Usually when I squat i focus on pushing my knees out to activate my azz. I also feel this in my inner-thigh (adductor??). This is annoying as they have begun touching each other and it irritates me for no rational reason.

Then i saw this vid and read some articles stating the chinese pay zero attention to the knees (plus often when I see weightlifters squat on youtube, their knees cave in):

[YT]-V9MvP1nxOs[/YT]

When I squat like that there is more dorsiflexion I seem to be able to keep myself upright better and my quads get loaded to fuck and after yesterdays squatting they were quite sore. As an aspiring weightlifter that's what I want right? Besides big quads >>> big inn thighs.

There was one downside though, I didn't feel my glutes activate as much / at all. proably just need more reps to figure it out.

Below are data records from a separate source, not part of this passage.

Lemma Cnorm_Csqrt_lt_mean (z : Cx) (x : R) : Cnorm z < x -> Cnorm (Csqrt z) < (1 + x) / 2.
Proof.
  intro hz. rewrite Cnorm_Csqrt.
  pose proof (sqrt_le_half_succ (Cnorm z) (Cnorm_nonneg z)). lra.
Qed.

(* The rotation of sqrt z by -i xi = alpha - i k stays in the right half-plane
   as long as the argument of z is small compared to the angle of xi. *)
Lemma Re_rot_Csqrt_pos (z : Cx) (k al : R) :
  0 < al -> k * Im (Csqrt z) <= 0 ->
  (k ^ 2 - al ^ 2) * Cnorm z < (k ^ 2 + al ^ 2) * Re z ->
  0 < Re (Cmul (al, - k) (Csqrt z)).
Proof.
  intros hal hkY hkey. destruct (Csqrt_parts_sq z) as [hX hY].
  pose proof (Re_Csqrt_nonneg z) as hX0.
  change (0 < al * Re (Csqrt z) - - k * Im (Csqrt z)).
  set (X := Re (Csqrt z)) in *. set (Y := Im (Csqrt z)) in *.
  assert (hsq : (k * Y) * (k * Y) < (al * X) * (al * X)) by nra.
  assert (0 <= al * X) by nra.
  destruct (Rle_lt_dec (al * X - - k * Y) 0) as [hle |]; [| lra].
  assert (al * X * (al * X) <= (k * Y) * (k * Y)) by nra.
  lra.
Qed.

Lemma Csqrt_mul_sq (w z : Cx) :
  0 < Re (Cmul w (Csqrt z)) -> Csqrt (Cmul (Cmul w w) z) = Cmul w (Csqrt z).
Proof.
  intro hpos. rewrite <- (Csqrt_of_sq _ hpos). f_equal.
  rewrite <- (Csqrt_sq z) at 1. set (s := Csqrt z).
  destruct w as [p q], s as [x y]. unfold Cmul, Re, Im; simpl. f_equal; ring.
Qed.

(* With xi = k + i alpha: since (-i xi)^2 = -xi^2, the identity
   i xi sqrt z = - sqrt (-xi^2 z) holds when -i xi sqrt z has positive real part. *)
Lemma rotated_branch (k al : R) (z : Cx) :
  0 < Re (Cmul (al, - k) (Csqrt z)) ->
  Cmul (Cmul Ci (k, al)) (Csqrt z) = Copp (Csqrt (Cmul (Copp (Cmul (k, al) (k, al))) z)).
Proof.
  intro hpos.
  replace (Copp (Cmul (k, al) (k, al))) with (Cmul (al, - k) (al, - k))
    by (unfold Copp, Cmul, Re, Im; simpl; f_equal; ring).
  rewrite (Csqrt_mul_sq _ _ hpos).
  destruct (Csqrt z) as [x y]. unfold Copp, Cmul, Ci, Re, Im; simpl. f_equal; ring.
Qed.

(* The Moebius function e + (1 - e)/(u + i v), written out in components. *)
Definition mobius (e u v : R) : Cx :=
  (e + (1 - e) * u / (u * u + v * v), - ((1 - e) * v) / (u * u + v * v)).

Lemma mobius_real (e m : R) : m <> 0 -> mobius e m 0 = (e + (1 - e) / m, 0).
Proof. intro hm. unfold mobius. f_equal; field; lra. Qed.

Lemma mobius_Re_gt (e u v : R) : e < 1 -> 0 < u -> e < Re (mobius e u v).
Proof.
  intros he hu. unfold mobius, Re; simpl.
  assert (0 < (1 - e) * u / (u * u + v * v)) by (apply Rdiv_lt_0_compat; nra).
  lra.
Qed.

Lemma mobius_Im_sign (e u v : R) : e < 1 -> v <> 0 -> v * Im (mobius e u v) < 0.
Proof.
  intros he hv. unfold mobius, Im; simpl.
  assert (hv2 : 0 < v * v) by (apply Rsqr_pos_lt; exact hv).
  replace (v * (- ((1 - e) * v) / (u * u + v * v)))
    with (- ((1 - e) * (v * v) / (u * u + v * v))) by (field; nra).
  assert (0 < (1 - e) * (v * v) / (u * u + v * v)) by (apply Rdiv_lt_0_compat; nra).
  lra.
Qed.

Lemma mobius_norm_lt (e u v w : R) :
  0 < e < 1 -> 0 < w <= u -> v <> 0 -> Cnorm (mobius e u v) < e + (1 - e) / w.
Proof.
  intros he hw hv.
  assert (hv2 : 0 < v * v) by (apply Rsqr_pos_lt; exact hv).
  set (D := u * u + v * v).
  assert (hD : u * u < D) by (unfold D; lra).
  assert (hsq : Re (mobius e u v) * Re (mobius e u v) + Im (mobius e u v) * Im (mobius e u v)
                = e * e + (1 - e) * ((2 * e * u + (1 - e)) / D)).
  { unfold mobius, Re, Im, D; simpl. field. unfold D in hD. nra. }
  assert (htgt : (e + (1 - e) / w) * (e + (1 - e) / w)
                 = e * e + (1 - e) * ((2 * e * w + (1 - e)) / (w * w))) by (field; lra).
  assert (hfrac : (2 * e * u + (1 - e)) / D < (2 * e * w + (1 - e)) / (w * w)).
  { assert (hc : 0 < 2 * e * w + (1 - e)) by nra.
    apply div_lt_div; [nra | nra |].
    assert (hew : 0 <= 2 * e * w * u) by (repeat apply Rmult_le_pos; lra).
    assert (huw : 0 <= u * u - w * w) by nra.
    assert (0 <= 2 * e * w * u * (u - w) + (1 - e) * (u * u - w * w)) by
      (apply Rplus_le_le_0_compat; apply Rmult_le_pos; lra).
    nra. }
  apply sqrt_lt_of_lt_sq; [nra | | nra].
  assert (0 < (1 - e) / w) by (apply Rdiv_lt_0_compat; lra). lra.
Qed.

If anyone have any thoughts on it, fire away!

EDIT: This vid to:
[YT]ZCh9fwZPQD4[/YT]

I think I'll try to just let my knees do what they want.
 
Last edited:
10.07.2015:

Drop-Snatches:
40 x 3 x 7 sets.
- Will most def do more of these.

Squats:
20 x 5
40 x 3
60 x 3 x 2 sets.
80 x 2
100 x 1
104 x 2 x 6 sets.
91 x 5 x 3 sets. - Wanted some extra reps. So did at 70%

Split Squats: (For each leg.
60 x 8 x 2 sets.

Calves:
60 x 20 x 5 sets. (ankle plate-stretch between sets.

Notes
- Lower back hurt a little.
 
11.07.2015:

Press:
20 x 5
40 x 3
50 x 7 x 5 sets.
- Hip strecthing between sets.

BTN SG Press.
40 x 5 x 5 sets.
- Ankle stretching between sets.

Pendlay rows: (Superset 1)
70 x 5 x 5 sets

Lateral raises: (I think. Just saw Lu Xiaojun doing them on YT) Superset 1
5kg (per hand) x 12 x 5 sets.

Band pull aparts: (superset 2)
Red x 30 x 3 sets - 15 OH & 15 UH.

Pause squats Superset 2
60 x 3 x 3 sets.
- Done in bare feet to stretch my ankles.